Tag Archives: family

How Could I Have Missed This?

red flagThere was a time in my past, that time when Fartbuster started making a real effort to be happier.  He got contact lenses.  He started working out.  Bought some new clothes and experimented with hair products.  I found myself saying, “He’s getting better.  He’s taking care of himself.”  Duh!  He exhibited every cliched sign of a cheating man–right down to the lipstick on his collar.  Once the lies came to the surface, I sat all alone in the ruins of my life and said, “How could I have missed this?”  I was so ashamed that someone had fooled me like that.  How could I have been so stupid?

There was a time in my past, that time when Richard couldn’t seem to shake that cold.  He had no energy.  Sometimes, he’d spike a fever.  He finally went to the doctor but the doctor said it was bronchitis.  The antibiotics didn’t clear it up but it was the end of the semester so he was feeling exhausted anyway.  That was probably all it was.  His grandmother died and he felt low.  He had bruises,  but said they were from skiing…back in March?  And now it was May?  Then there was that blood vessel that burst in his eye and didn’t get better during two weeks of vacation.  His vision began to cross so he finally went to an ophthalmologist who thought there was a chance he had a retinal bleed.  When Richard mentioned that he hadn’t been feeling himself for a while, the doctor ordered a CBC.  Within 48 hours, Richard was at Johns Hopkins on the oncology ward.  A few days later, our film from that vacation came back and when I saw the pictures–him resting on a driftwood tree, his legs covered in a solid swath of bruises from yellow to purple–I was so ashamed that I had “let him” walk around like that, so obviously sick. I hid the pictures.  And I asked myself, “How could I have missed this?”  How could I have been so stupid?

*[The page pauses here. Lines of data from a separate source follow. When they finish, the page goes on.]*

(* Let $\mathcal R$ be a commutative ring with identity, $\mathcal M,\mathcal N$ modules over $\mathcal R$, $s\in\mathbb N$, $Y\in\mathcal M^{s\times s}$, and let $f_\ell:(\mathcal M^{s\times s})^\ell\to\mathcal N^{s\times s}$, $\ell=0,1,\dots$, be $\ell$-linear mappings ($f_0\in\mathcal N^{s\times s}$) such that for every $S\in\mathcal R^{s\times s}$ and $Z^1,\dots,Z^\ell\in\mathcal M^{s\times s}$: $Sf_0-f_0S=f_1(SY-YS)$; and for $\ell\ge1$: $Sf_\ell(Z^1,\dots,Z^\ell)-f_\ell(SZ^1,Z^2,\dots,Z^\ell)=f_{\ell+1}(SY-YS,Z^1,\dots,Z^\ell)$; for $1\le j\le\ell-1$: $f_\ell(Z^1,\dots,Z^{j-1},Z^jS,Z^{j+1},\dots,Z^\ell)-f_\ell(Z^1,\dots,Z^j,SZ^{j+1},Z^{j+2},\dots,Z^\ell)=f_{\ell+1}(Z^1,\dots,Z^j,SY-YS,Z^{j+1},\dots,Z^\ell)$; $f_\ell(Z^1,\dots,Z^{\ell-1},Z^\ell S)-f_\ell(Z^1,\dots,Z^\ell)S=f_{\ell+1}(Z^1,\dots,Z^\ell,SY-YS)$. Then the function $f$ defined on $\mathrm{Nilp}(\mathcal M,Y)$ by $f(X)=\sum_{\ell=0}^\infty(X-\bigoplus_{\alpha=1}^mY)^{\odot_s\ell}f_\ell$ for $X\in\mathrm{Nilp}(\mathcal M,Y)\cap\mathcal M^{sm\times sm}$ (a sum with finitely many nonzero terms) is a nc function on $\mathrm{Nilp}(\mathcal M,Y)$ with values in $\mathcal N_{\mathrm{nc}}$.
   Context: $\mathcal M_{\mathrm{nc}}=\coprod_{n\ge1}\mathcal M^{n\times n}$; matrices over $\mathcal R$ act on matrices over $\mathcal M,\mathcal N$ by matrix multiplication; $X\oplus Y=\begin{bmatrix}X&0\\0&Y\end{bmatrix}$. A nc function on a set $\Omega$ closed under direct sums (with $\Omega_n=\Omega\cap\mathcal M^{n\times n}$) is a map $f$ with $f(\Omega_n)\subseteq\mathcal N^{n\times n}$, $f(X\oplus X')=f(X)\oplus f(X')$, and $f(SXS^{-1})=Sf(X)S^{-1}$ whenever $S\in\mathcal R^{n\times n}$ invertible and $X,SXS^{-1}\in\Omega_n$. For $W\in\mathcal M^{sm\times sm}$ viewed as an $m\times m$ matrix $[W_{ij}]$ of blocks in $\mathcal M^{s\times s}$, $W^{\odot_s\ell}$ is the $m\times m$ matrix over $(\mathcal M^{s\times s})^{\otimes\ell}$ with $(i,k)$ entry $\sum_{j_1,\dots,j_{\ell-1}}W_{ij_1}\otimes\cdots\otimes W_{j_{\ell-1}k}$; $W^{\odot_s\ell}f_\ell\in\mathcal N^{sm\times sm}$ applies $f_\ell$ (as a linear map on the tensor power) entrywise, and $W^{\odot_s0}f_0=\bigoplus_{\alpha=1}^mf_0$. $\mathrm{Nilp}(\mathcal M,Y)=\coprod_m\{X\in\mathcal M^{sm\times sm}:(X-\bigoplus_{\alpha=1}^mY)^{\odot_s\ell}=0\text{ for some }\ell\}$. *)

From HB Require Import structures.
From mathcomp Require Import all_boot all_order all_algebra zify.
Set Implicit Arguments. Unset Strict Implicit. Unset Printing Implicit Defensive.
Import Order.TTheory GRing.Theory.
Local Open Scope ring_scope.
(* Let $k\ge1$. For every rational transduction $g:\Sigma^*\rightharpoonup\Lambda^*$ and every $k$-lexicographic transduction $f:\Lambda^*\rightharpoonup\Gamma^*$, the composition $f\circ g$ is $k$-lexicographic.
   Context: A rational transduction is one computed by a functional finite state transducer, i.e. a pair $(A,\mu)$ with: - $A$ a (possibly non-deterministic) finite automaton over $\Sigma$; - $\mu$ assigning an output word in $\Lambda^*$ to each transition; such that all accepting runs on a given input produce the same concatenated output. That common output is the image of the input. Alphabets are finite. For words $u,v$ of equal length over alphabets $\Sigma_1,\Sigma_2$, $u\otimes v$ is the word over $\Sigma_1\times\Sigma_2$ with $(u\otimes v)[i]=(u[i],v[i])$. A transduction is a partial function $f:\Sigma^*\rightharpoonup\Gamma^*$. A simple transduction is a transduction $f=\sum_{i=1}^n L_i\triangleright w_i$, where $L_1,\dots,L_n\subseteq\Sigma^*$ are pairwise disjoint regular languages and each $w_i\in\Gamma^{\le 1}$ is a word of length at most 1. It satisfies $f(u)=w_i$ if $u\in L_i$, and $f(u)$ is undefined if $u\notin\bigcup_iL_i$. An ordered alphabet is a pair $\lambda=(B,\prec)$ with $B$ a finite set and $\prec$ a strict linear order on $B$. The order is extended to $B^n$ for each $n$ by: $u\prec v$ iff there is $i\le n$ with $u[i]\prec v[i]$ and $u[j]=v[j]$ for all $i<j\le n$ (most significant letter on the right). For a transduction $f:(\Sigma\times B)^*\rightharpoonup\Gamma^*$, the transduction $\mathsf{maplex}_\lambda f:\Sigma^*\rightharpoonup\Gamma^*$ maps $u$ to $f(u\otimes b_1)f(u\otimes b_2)\cdots f(u\otimes b_m)$, where $b_1\prec\cdots\prec b_m$ is the increasing enumeration of all of $B^{|u|}$. It is defined on $u$ iff every $f(u\otimes b_j)$ is defined. The classes are defined inductively: - $\mathsf{Lex}_0$ is the class of simple transductions; - $\mathsf{Lex}_{k+1}=\{\mathsf{maplex}_\lambda f: \lambda=(B,\prec)\text{ an ordered alphabet},\ f:(\Sigma\times B)^*\rightharpoonup\Gamma^*\text{ in }\mathsf{Lex}_k\}$; - $\mathsf{Lex}=\bigcup_k\mathsf{Lex}_k$, the lexicographic transductions. Elements of $\mathsf{Lex}_k$ are called $k$-lexicographic. *)

From mathcomp Require Import all_boot.
Set Implicit Arguments. Unset Strict Implicit. Unset Printing Implicit Defensive.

Red flags.  Why didn’t I see them?

I know, I know–it was never my job to police a cheater.  And I know, I know–leukemia is easy to miss in an otherwise healthy 37-year-old man who doesn’t like to go to the doctor.  No one blamed me because I didn’t order a CBC right away.  But because I’ve been spun sideways by a couple of doozies like these, I sometimes feel like I am just living in wait, waiting for some shoe to drop.

I thought that shoe had fallen back in December when I took my darling son in for his well visit and left with a handful of red flags.  Filling out those social/verbal/motor skills inventories threw me for a loop.  I thought he was independent, a free spirit….but maybe he doesn’t know how to interact with other people?  I thought he talked when he wanted to talk…but he’s falling behind his peers.  Where’s the line between a hard-headed little boy and a syndrome, a condition, a diagnosis?   When our doctor said, “I don’t think he has autism, but let’s get him screened now that he’s three,” the first thing I asked myself was “How could I have missed this?”  How could I have been so stupid?

Now it turns out that my son has some kind of language issue.  I haven’t wanted to talk about it here (and as soon as I typed that, my stomach knotted up and I thought about deleting the whole thing for the 1000th time) because it’s still hazy.  He’s getting speech therapy and he’s making swift progress.  The doctor is encouraged.  I’m encouraged.  And the fact is that he’s still my baby boy, no matter what.  I write about personal things here, but usually it’s things that are resolved.  Lot of rear view mirror stuff on Baddest Mother Ever.  Not things that are “we’ll see.”

The whole thing got me thinking about this reflex of saying, “How could I have missed this?”  Because when I sat across the table from a speech therapist who says, “Yeah, he’s not making sentences,” I felt like an idiot.  How could strangers be telling me something about my own son?

The same way a doctor knows how to read a CBC.  It’s what they do.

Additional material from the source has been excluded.